Amir, in case you hadn't seen it, your memory is correct. This was considered in the past. See https://phabricator.wikimedia.org/T215858#6631859.
On Tue, Nov 17, 2020 at 2:47 PM Amir Sarabadani ladsgroup@gmail.com wrote:
Hello, Actually Jaime's email gave me an idea. Why not having a separate actual data lake? Like a hadoop cluster, it can even take the data from analytics cluster (after being sanitized of course). I remember there were some discussions about having a hadoop or Presto cluster in WM Cloud.
Has this been considered?
Thanks.
On Tue, Nov 17, 2020 at 8:05 PM Brooke Storm bstorm@wikimedia.org wrote:
ACN: Thanks! We’ve created a ticket for that one to help collaborate and surface the process here: https://phabricator.wikimedia.org/T267992 Anybody working on that, please add info there.

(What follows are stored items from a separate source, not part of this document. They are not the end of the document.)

Definition Subshift (k : nat) (X : pt -> Prop) : Prop :=
  (exists x, X x) /\
  (forall x, X x -> forall i, (1 <= x i <= k)%nat) /\
  (forall x, X x -> X (shift x)) /\
  (forall x, (forall n, exists z, X z /\ prefix n z = prefix n x) -> X x).

Definition Allowed (X : pt -> Prop) (u : list nat) : Prop :=
  exists x, X x /\ prefix (length u) x = u.

Definition Specification (X : pt -> Prop) : Prop :=
  exists p : nat, (0 < p)%nat /\
    forall u v, Allowed X u -> Allowed X v ->
      exists w, length w = p /\ Allowed X (u ++ w ++ v).

Definition blockmap (Phi : nat -> nat) (x : pt) : pt := fun i => Phi (x i).

(* pi = blockmap Phi is a factor map X -> Y (continuity and commuting with
   the shift are automatic for one-block maps) *)
Definition OneBlockFactor (X Y : pt -> Prop) (Phi : nat -> nat) : Prop :=
  (forall x, X x -> Y (blockmap Phi x)) /\
  (forall y, Y y -> exists x, X x /\ blockmap Phi x = y).

Definition Potential (X : pt -> Prop) (f : nat -> pt -> R) : Prop :=
  forall n x, X x ->
    0 < f n x /\
    (forall e, 0 < e -> exists N, forall x', X x' -> prefix N x' = prefix N x ->
        Rabs (f n x' - f n x) < e).

Definition AlmostAdditive (X : pt -> Prop) (f : nat -> pt -> R) : Prop :=
  exists C, 0 < C /\
    forall x, X x -> forall n m, (1 <= n)%nat -> (1 <= m)%nat ->
      exp (- C) * f n x * f m (shiftn n x) <= f (n + m)%nat x /\
      f (n + m)%nat x <= exp C * f n x * f m (shiftn n x).

Definition BoundedVariation (X : pt -> Prop) (f : nat -> pt -> R) : Prop :=
  exists M, forall n, (1 <= n)%nat -> forall x x', X x -> X x' ->
    prefix n x = prefix n x' -> f n x <= M * f n x'.

(* supremum of a set of reals (used only for nonempty bounded sets) *)
Definition Rsup (S : R -> Prop) : R :=
  epsilon (inhabits 0) (fun l => is_lub S l).

(* metric d(x,y) = (1/2)^(first index where x,y differ), 0 if x = y *)
Definition dist (x y : pt) : R :=
  Rsup (fun r => r = 0 \/ exists i, x i <> y i /\ r = (/2) ^ i).

(* d_n(x,y) = max_{0<=i<n} d(sigma^i x, sigma^i y) > eps *)
Definition Separated (n : nat) (eps : R) (x y : pt) : Prop :=
  exists i, (i < n)%nat /\ eps < dist (shiftn i x) (shiftn i y).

Brooke Storm Staff SRE Wikimedia Cloud Services bstorm@wikimedia.org IRC: bstorm
On Nov 17, 2020, at 12:01 PM, AntiCompositeNumber < anticompositenumber@gmail.com> wrote:
I took a look at converting the query used for GreenC Bot's Job 10, which tracks enwiki files that "shadow" a different file on Commons. It is currently run daily, and the query executes in about 60-90 seconds. I tried three methods to recreate that query without a SQL cross-database join. The naive method of "just give me all the files" didn't work because it timed out somewhere. The paginated version of that query was on track to take over 5 hours to complete. A similar method that emulates a subquery instead of a join was projected to take about 6 hours. Both stopped early because I got bored of watching them and PAWS doesn't work unattended. I also wasn't able to properly test them because people kept fixing the shadowed files before the script got to them. The code is at < https://public.paws.wmcloud.org/User:AntiCompositeBot/ShadowsCommonsQuery.ip...
.
ACN
On Tue, Nov 17, 2020 at 1:02 PM Maarten Dammers maarten@mdammers.nl wrote:
Hi Joaquin,
On 16-11-2020 21:42, Joaquin Oltra Hernandez wrote:
Hi Maarten,
I believe this work started many years ago, and it was paused, and recently restarted because of the stability and performance problems in the last years.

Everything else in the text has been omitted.